Compression

Genozip can run on any type of file, but it is optimized to compress genomic file formats.

Simple compression and uncompression

genozip sample.bam

genounzip sample.bam.genozip

Viewing compression stats

genozip sample.bam --stats

genocat sample.bam.genozip --stats

Compressing a FASTQ, SAM/BAM or VCF file(s) with a reference

First, create a refrence file: genozip --make-reference myfasta.fa

genozip --reference myfasta.ref.genozip mysample1.fq mysample2.fq mysample3.fq

Second, compress your file(s) using the reference:

genozip --reference myfasta.ref.genozip mysample.bam

genozip --reference myfasta.ref.genozip mysamples.vcf.gz

genozip --reference myfasta.ref.genozip myread.fq

genozip --reference myfasta.ref.genozip *
compresses all files in the current directory
Notes:

1. Genozip can compress with or without a reference - using a reference achieves much better compression when compressing FASTQ or unaligned SAM/BAM, and modestly better compression in other cases.

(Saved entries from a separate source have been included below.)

Lemma forest_set1 i : [set i] \in F.
Proof. by case: hF. Qed.

Lemma forest_laminar C D x : C \in F -> D \in F -> x \in C -> x \in D ->
  C \subset D \/ D \subset C.
Proof.
case: hF => _ _ lam _ CF DF xC xD; case: (lam C D CF DF) => [||dis]; auto.
by rewrite (disjointFr dis xC) in xD.
Qed.

Lemma forest_splits C : C \in F -> 1 < #|C| -> exists C1 C2, splits F C C1 C2.
Proof.
case: hF => _ _ _ has_halves CF C_2.
by case: (has_halves C CF C_2) => C1 [C2 [*]]; exists C1, C2.
Qed.

Lemma forest_small C : C \in F -> #|C| <= 1 -> exists i, C = [set i].
Proof.
move=> CF C1; case: (forest_nonempty CF) => x xC.
have /cards1P [i ->] : #|C| == 1 by rewrite eqn_leq C1 card_gt0; apply/set0Pn; exists x.
by exists i.
Qed.

Lemma forest_card_gt1 C D : D \in F -> D \proper C -> 1 < #|C|.
Proof.
move=> DF DC; apply: leq_trans (proper_card DC).
by case: (forest_nonempty DF) => x xD; rewrite ltnS card_gt0; apply/set0Pn; exists x.
Qed.

Lemma hull_in S : (exists x, x \in S) -> (exists2 C, C \in F & S \subset C) -> hull F S \in F.
Proof.
move=> [x xS] [C CF SC].
have exP : exists n, [exists C in F, (S \subset C) && (#|C| == n)].
  by exists #|C|; apply/existsP; exists C; rewrite CF SC eqxx.
case: (ex_minnP exP) => n /existsP [C0 /and3P [C0F SC0 /eqP C0n]] minimal.
suff -> : hull F S = C0 by [].
apply/eqP; rewrite eqEsubset hull_min //=; apply/bigcapsP => C' /andP [C'F SC'].
have xC0 : x \in C0 by apply: (subsetP SC0).
have xC' : x \in C' by apply: (subsetP SC').
case: (forest_laminar C0F C'F xC0 xC') => // C'C0.
have : n <= #|C'| by apply: minimal; apply/existsP; exists C'; rewrite C'F SC' eqxx.
by rewrite -C0n => C0C'; have /eqP -> : C' == C0 by rewrite eqEcard C'C0 C0C'.
Qed.

Lemma hull_id C : C \in F -> hull F C = C.
Proof. by move=> CF; apply/eqP; rewrite eqEsubset hull_min // sub_hull. Qed.

Lemma splits_proper C C1 C2 : splits F C C1 C2 -> C1 \proper C.
Proof.
move=> hs; have [C1C _] := splits_sub hs; case: hs => _ C2F eC dis _.
rewrite properEneq C1C andbT; apply/eqP => C1eC.
case: (forest_nonempty C2F) => y yC2.
have yC1 : y \in C1 by rewrite C1eC -eC inE yC2 orbT.
by rewrite (disjointFr dis yC1) in yC2.
Qed.

Lemma splits_neq C C1 C2 : splits F C C1 C2 -> C1 <> C2.
Proof.
case=> C1F _ _ dis _ C12; case: (forest_nonempty C1F) => x xC1.
by have := disjointFr dis xC1; rewrite -C12 xC1.
Qed.
(* Let $K$ be a field, $\nu$ a valuation on $K[x]$, and $Q,Q'$ key polynomials for $\nu$ with $\epsilon(Q)\le\epsilon(Q')$. Then for every $f\in K[x]$, if $\nu_Q(f)=\nu(f)$ then $\nu_{Q'}(f)=\nu(f)$.
   Context: $\nu:K[x]\to\Gamma\cup\{\infty\}$ is a valuation ($\Gamma$ an ordered abelian group) with $\nu(f)=\infty$ only for $f=0$; $\Gamma'=\Gamma\otimes\mathbb{Q}$. For $k\in\mathbb{N}$, $\partial_kf=\frac{1}{k!}\frac{d^kf}{dx^k}$. For nonconstant $f$, $\epsilon(f)=\max\{(\nu(f)-\nu(\partial_kf))/k\mid 1\le k\le\deg f,\ \partial_kf\ne0\}\in\Gamma'$. A key polynomial is a monic nonconstant $Q\in K[x]$ such that every nonconstant $f\in K[x]$ with $\epsilon(f)\ge\epsilon(Q)$ satisfies $\deg f\ge\deg Q$. For monic nonconstant $Q$, the $Q$-expansion of $f$ is the unique expression $f=f_0+f_1Q+\dots+f_nQ^n$ with each $f_i=0$ or $\deg f_i<\deg Q$, and $\nu_Q(f)=\min_i\nu(f_iQ^i)$ (the $Q$-truncation of $\nu$). *)

From mathcomp Require Import all_boot all_order all_algebra.
Set Implicit Arguments. Unset Strict Implicit. Unset Printing Implicit Defensive.
Import GRing.Theory.
Local Open Scope ring_scope.

Record is_oag (G : zmodType) (le : rel G) : Prop := {
  oag_refl : forall a, le a a;
  oag_antisym : forall a b, le a b -> le b a -> a = b;
  oag_trans : forall a b c, le a b -> le b c -> le a c;
  oag_total : forall a b, le a b || le b a;
  oag_add : forall a b c, le a b -> le (a + c) (b + c) }.

(* Since nu(f) = oo exactly for f = 0, we
   represent nu by its (G-valued) restriction to nonzero polynomials; the value
   nu 0 is irrelevant (see nuext, which sends 0 to None = oo). *)
Record is_valuation (K : fieldType) (G : zmodType) (le : rel G)
    (nu : {poly K} -> G) : Prop := {
  val_mul : forall f g, f != 0 -> g != 0 -> nu (f * g) = nu f + nu g;
  val_add : forall f g, f != 0 -> g != 0 -> f + g != 0 ->
     le (nu f) (nu (f + g)) || le (nu g) (nu (f + g)) }.

Section Defs.
Variables (K : fieldType) (G : zmodType) (le : rel G) (nu : {poly K} -> G).

(* nu with values in G u {oo}, None standing for oo. *)
Definition nuext (f : {poly K}) : option G := if f == 0 then None else Some (nu f).

Definition minG (a b : G) : G := if le a b then a else b.

(* Elements of Gamma' = Gamma (x) Q of the form a/k (k > 0) are represented by
   pairs (a, k); a/k <= b/j  iff  j*a <= k*b. *)
Definition frac_le (x y : G * nat) : bool := le (x.1 *+ y.2) (y.1 *+ x.2).

(* the candidates (nu f - nu (d_k f))/k, 1 <= k <= deg f, d_k f != 0,
   where d_k f = f^`N(k) is the k-th derivative divided by k! *)
Definition eps_cands (f : {poly K}) : seq (G * nat) :=
  [seq (nu f - nu (f^`N(k)), k) | k <- iota 1 (size f).-1 & f^`N(k) != 0].

(* eps f <= eps g  (eps = max of the candidates), for nonconstant f, g. *)
Definition eps_le (f g : {poly K}) : Prop :=
  exists2 y, y \in eps_cands g & forall x, x \in eps_cands f -> frac_le x y.

Definition key_poly (Q : {poly K}) : Prop :=
  Q \is monic /\ (1 < size Q)%N /\
  forall f : {poly K}, (1 < size f)%N -> eps_le Q f -> (size Q <= size f)%N.

(* i-th coefficient of the Q-expansion f = sum_i f_i Q^i (deg f_i < deg Q) *)
Definition qcoef (Q f : {poly K}) (i : nat) : {poly K} := (f %/ Q ^+ i) %% Q.

(* the Q-truncation nu_Q(f) = min_i nu(f_i Q^i) (None = oo when f = 0) *)
Definition nuQ (Q f : {poly K}) : option G :=
  foldr (fun g acc => Some (match acc with None => nu g | Some a => minG (nu g) a end))
    None [seq qcoef Q f i * Q ^+ i | i <- iota 0 (size f) & qcoef Q f i != 0].

End Defs.

(* Write "trunc_ge P c f" for "every term f_i P^i of the P-expansion of f has
   value >= c", i.e. nu_P(f) >= c.  Since nu_P(f) <= nu(f) always, the claim
   reduces to transporting the bound trunc_ge Q (nu f) f to Q'.  This rests on
   two properties of a key polynomial P, both derived from the extremality of
   eps(P) = (nu P - nu d_b P)/b with respect to polynomials of degree < deg P
   (the "digits" of P-expansions):
   - for digits u, v, writing uv = qP + r gives nu(qP) > nu(uv), hence
     nu(r) = nu(uv); consequently nu_P is super-multiplicative:
     trunc_ge P c f -> trunc_ge P d g -> trunc_ge P (c + d) (fg);
   - perturbing P by a digit of smaller value strictly lowers epsilon; this
     yields trunc_ge Q' (nu Q) Q when eps(Q) <= eps(Q').
   Expanding f = sum f_i Q^i and applying both facts gives the transfer. *)
From mathcomp Require Import all_boot all_order all_algebra zify.
Set Implicit Arguments. Unset Strict Implicit. Unset Printing Implicit Defensive.
Import GRing.Theory.
Local Open Scope ring_scope.

(* Leibniz rule for d_k = f^`N(k), obtained from the Taylor expansion
   f(x + y) = sum_k d_k f(x) y^k, which is multiplicative in f. *)
Section Leibniz.
Variable K : fieldType.

Definition taylor (p : {poly K}) : {poly {poly K}} :=
  (map_poly polyC (map_poly polyC p)).['X%:P + 'X].

Lemma coef_taylor p i : (taylor p)`_i = p^`N(i).
Proof.
have -> : taylor p = \poly_(i < size p) p^`N(i).
  rewrite /taylor nderiv_taylor; last exact: mulrC.
  rewrite !size_map_polyC poly_def; apply: eq_bigr => j _.
  rewrite !nderivn_map -mul_polyC; congr (_ * _).
  by rewrite horner_map /= -/(comp_poly _ _) comp_polyXr.
by rewrite coef_poly; case: ltnP => // h; rewrite nderivn_poly0.
Qed.

Lemma nderivnM (p q : {poly K}) k :
  (p * q)^`N(k) = \sum_(j < k.+1) p^`N(j) * q^`N(k - j).
Proof.
rewrite -coef_taylor /taylor !rmorphM hornerM -/(taylor p) -/(taylor q) coefM.
by apply: eq_bigr => j _; rewrite !coef_taylor.
Qed.
End Leibniz.

Lemma size_monic_sub (K : fieldType) (p q : {poly K}) :
  p \is monic -> q \is monic -> size p = size q -> (size (p - q)%R < size q)%N.
Proof.
move=> /monicP pm /monicP qm e; have q0 : (0 < size q)%N.
  by rewrite size_poly_gt0 -lead_coef_eq0 qm oner_neq0.
rewrite -(prednK q0) ltnS; apply/leq_sizeP => j hj; rewrite coefB.
case: (ltngtP j (size q).-1) => hj'.
- by move: hj; rewrite leqNgt hj'.
- have sq : (size q <= j)%N by rewrite -(prednK q0).
  by rewrite !nth_default ?e ?subrr.
- by move: pm qm; rewrite /lead_coef e -hj' => -> ->; rewrite subrr.
Qed.

Section Expansion.
Variables (K : fieldType) (P : {poly K}).
Hypothesis P_gt1 : (1 < size P)%N.

Lemma P_neq0 : P != 0.
Proof. by rewrite -size_poly_gt0 ltnW. Qed.

Lemma expP_neq0 n : P ^+ n != 0.
Proof. by rewrite expf_neq0 // P_neq0. Qed.

Lemma size_expP n : size (P ^+ n) = ((size P).-1 * n).+1.
Proof. by rewrite -size_exp prednK // size_poly_gt0 expP_neq0. Qed.

Lemma qcoefD f g i : qcoef P (f + g) i = qcoef P f i + qcoef P g i.
Proof. by rewrite /qcoef divpD modpD. Qed.

Lemma qcoef0 i : qcoef P 0 i = 0.
Proof. by rewrite /qcoef div0p mod0p. Qed.

Lemma size_qcoef f i : (size (qcoef P f i) < size P)%N.
Proof. by rewrite /qcoef ltn_modp P_neq0. Qed.

Lemma qcoefS f i : qcoef P f i.+1 = qcoef P (f %/ P) i.
Proof. by rewrite /qcoef exprS divp_divl. Qed.

Lemma qcoef_monomial (a : {poly K}) n i : (size a < size P)%N ->
  qcoef P (a * P ^+ n) i = if i == n then a else 0.
Proof.
move=> a_small; rewrite /qcoef; case: (ltngtP i n) => hin.
- have -> : a * P ^+ n = (a * P ^+ (n - i).-1 * P) * P ^+ i.
    rewrite -[a * _ * P]mulrA -exprSr prednK ?subn_gt0 //.
    by rewrite -mulrA -exprD subnK // ltnW.
  by rewrite mulpK ?expP_neq0 // modp_mull.
- have [->|a0] := eqVneq a 0; first by rewrite mul0r div0p mod0p.
  rewrite divp_small ?mod0p // size_mul ?expP_neq0 // !size_expP.
  by move: a_small hin P_gt1; move: (size a) (size P) => n1 n2; nia.
- by rewrite hin mulpK ?expP_neq0 // modp_small.
Qed.

Lemma qcoef_eq0 (f : {poly K}) i : (size f <= i)%N -> qcoef P f i = 0.
Proof.
move=> hi; rewrite /qcoef divp_small ?mod0p // size_expP.
by move: hi P_gt1; move: (size f) (size P) => n1 n2; nia.
Qed.

Lemma qexpansion n (f : {poly K}) : (size f <= n)%N ->
  f = \sum_(i < n) qcoef P f i * P ^+ i.
Proof.
elim: n f => [|n IH] f hf.
  by rewrite big_ord0; apply/eqP; rewrite -size_poly_leq0.
rewrite big_ord_recl expr0 mulr1 /qcoef expr0 divp1 -/(qcoef _ _ _).
have hs : (size (f %/ P)%R <= n)%N.
  rewrite size_divp ?P_neq0 //.
  by move: hf P_gt1; move: (size f) (size P) => n1 n2; lia.
rewrite {1}(divp_eq f P) addrC {1}(IH _ hs) big_distrl /=; congr (_ + _).
apply: eq_bigr => i _.
by rewrite /bump /= add1n -/(qcoef P f _) qcoefS exprSr mulrA.
Qed.

Lemma size_divp_mul (u v : {poly K}) : u != 0 -> v != 0 ->
  (size u < size P)%N -> (size v < size P)%N -> (size ((u * v) %/ P)%R < size P)%N.
Proof.
move=> u0 v0 us vs; rewrite size_divp ?P_neq0 // size_mul //.
by move: us vs P_gt1; move: (size u) (size v) (size P) => n1 n2 n3; lia.
Qed.

End Expansion.

Section ValuedPolynomials.

Variables (G : zmodType) (le : rel G).
Hypothesis hG : is_oag le.

Definition olt (a b : G) : bool := ~~ le b a.

Lemma ole_refl a : le a a. Proof. exact: (oag_refl hG). Qed.
Lemma ole_anti a b : le a b -> le b a -> a = b. Proof. exact: (oag_antisym hG). Qed.
Lemma ole_trans a b c : le a b -> le b c -> le a c. Proof. exact: (oag_trans hG). Qed.
Lemma ole_total a b : le a b || le b a. Proof. exact: (oag_total hG). Qed.

Lemma oltW a b : olt a b -> le a b.
Proof. by rewrite /olt; case/orP: (ole_total a b) => ->. Qed.

Lemma olt_irr a : olt a a = false. Proof. by rewrite /olt ole_refl. Qed.

Lemma olt_le_trans a b c : olt a b -> le b c -> olt a c.
Proof. by move=> /negP ab bc; apply/negP => ca; apply: ab; apply: ole_trans bc ca. Qed.

Lemma ole_lt_trans a b c : le a b -> olt b c -> olt a c.
Proof. by move=> ab /negP bc; apply/negP => ca; apply: bc; apply: ole_trans ca ab. Qed.

Lemma oleD2r a b c : le (a + c) (b + c) = le a b.
Proof.
apply/idP/idP; last exact: (oag_add hG).
by move/(oag_add hG (- c)); rewrite !addrK.
Qed.

Lemma oleD2l a b c : le (c + a) (c + b) = le a b.
Proof. by rewrite ![c + _]addrC oleD2r. Qed.

Lemma oltD2r a b c : olt (a + c) (b + c) = olt a b.
Proof. by rewrite /olt oleD2r. Qed.

Lemma oleD a b c d : le a b -> le c d -> le (a + c) (b + d).
Proof. by move=> ab cd; apply: (@ole_trans _ (b + c)); rewrite ?oleD2r ?oleD2l. Qed.

Lemma oltDl a b c d : olt a b -> le c d -> olt (a + c) (b + d).
Proof. by move=> ab cd; apply: (@olt_le_trans _ (b + c)); rewrite ?oltD2r ?oleD2l. Qed.

Lemma oltDr a b c d : le a b -> olt c d -> olt (a + c) (b + d).
Proof. by move=> ab cd; rewrite addrC [b + _]addrC; apply: oltDl. Qed.

Lemma oleBl a b c : le (a - c) b = le a (b + c).
Proof. by rewrite -(oleD2r _ _ c) subrK. Qed.

Lemma oleBr a b c : le a (b - c) = le (a + c) b.
Proof. by rewrite -(oleD2r _ _ c) subrK. Qed.

Lemma oleMn a b n : le a b -> le (a *+ n) (b *+ n).
Proof. by move=> ab; elim: n => [|n IH]; rewrite ?ole_refl // !mulrS oleD. Qed.

Lemma oltMn a b n : olt a b -> (0 < n)%N -> olt (a *+ n) (b *+ n).
Proof.
move=> ab; case: n => // n _; elim: n => [|n IH]; first by rewrite !mulr1n.
by rewrite mulrS [b *+ _]mulrS; apply: oltDl; rewrite ?oltW.
Qed.

Lemma oleMn2 a b n : (0 < n)%N -> le (a *+ n) (b *+ n) = le a b.
Proof.
move=> n0; apply/idP/idP => [h|]; last exact: oleMn.
by apply/negPn/negP => /oltMn /(_ n0); rewrite /olt h.
Qed.

Lemma oltMn2 a b n : (0 < n)%N -> olt (a *+ n) (b *+ n) = olt a b.
Proof. by move=> n0; rewrite /olt oleMn2. Qed.

(* torsion-freeness, used to get nu(-1) = 0 *)
Lemma double_eq0 (a : G) : a + a = 0 -> a = 0.
Proof.
move=> aa; case/orP: (ole_total a 0) => h; apply: ole_anti => //.
  by rewrite -(oleD2l _ _ a) aa addr0.
by rewrite -(oleD2l _ _ a) aa addr0.
Qed.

2. SAM/BAM - compression of aligned or unaligned SAM/BAM files is possible. Sorting makes no difference.

3. Long reads - compression of long reads (Pac Bio / Nanopore) achieves signficantly better results when compressing an aligned BAM vs an unaligned BAM or FASTQ.

4. Compression of CRAM (but not SAM or BAM) files requires samtools to be installed.

5. Use --REFERENCE instead of --reference to store the relevant parts of the reference file as part of the compressed file itself, which will then allow decompression with genounzip or genocat without need of the reference file.

Compressing and uncompressing FASTQ with paired-end reads with –pair

genozip --reference myfasta.ref.genozip --pair mysample-R1.fastq.gz mysample-R2.fastq.gz

genounzip --reference myfasta.ref.genozip mysample-R1+2.fastq.genozip
Note: with --pair genozip uses similarities between the files to enhance compression.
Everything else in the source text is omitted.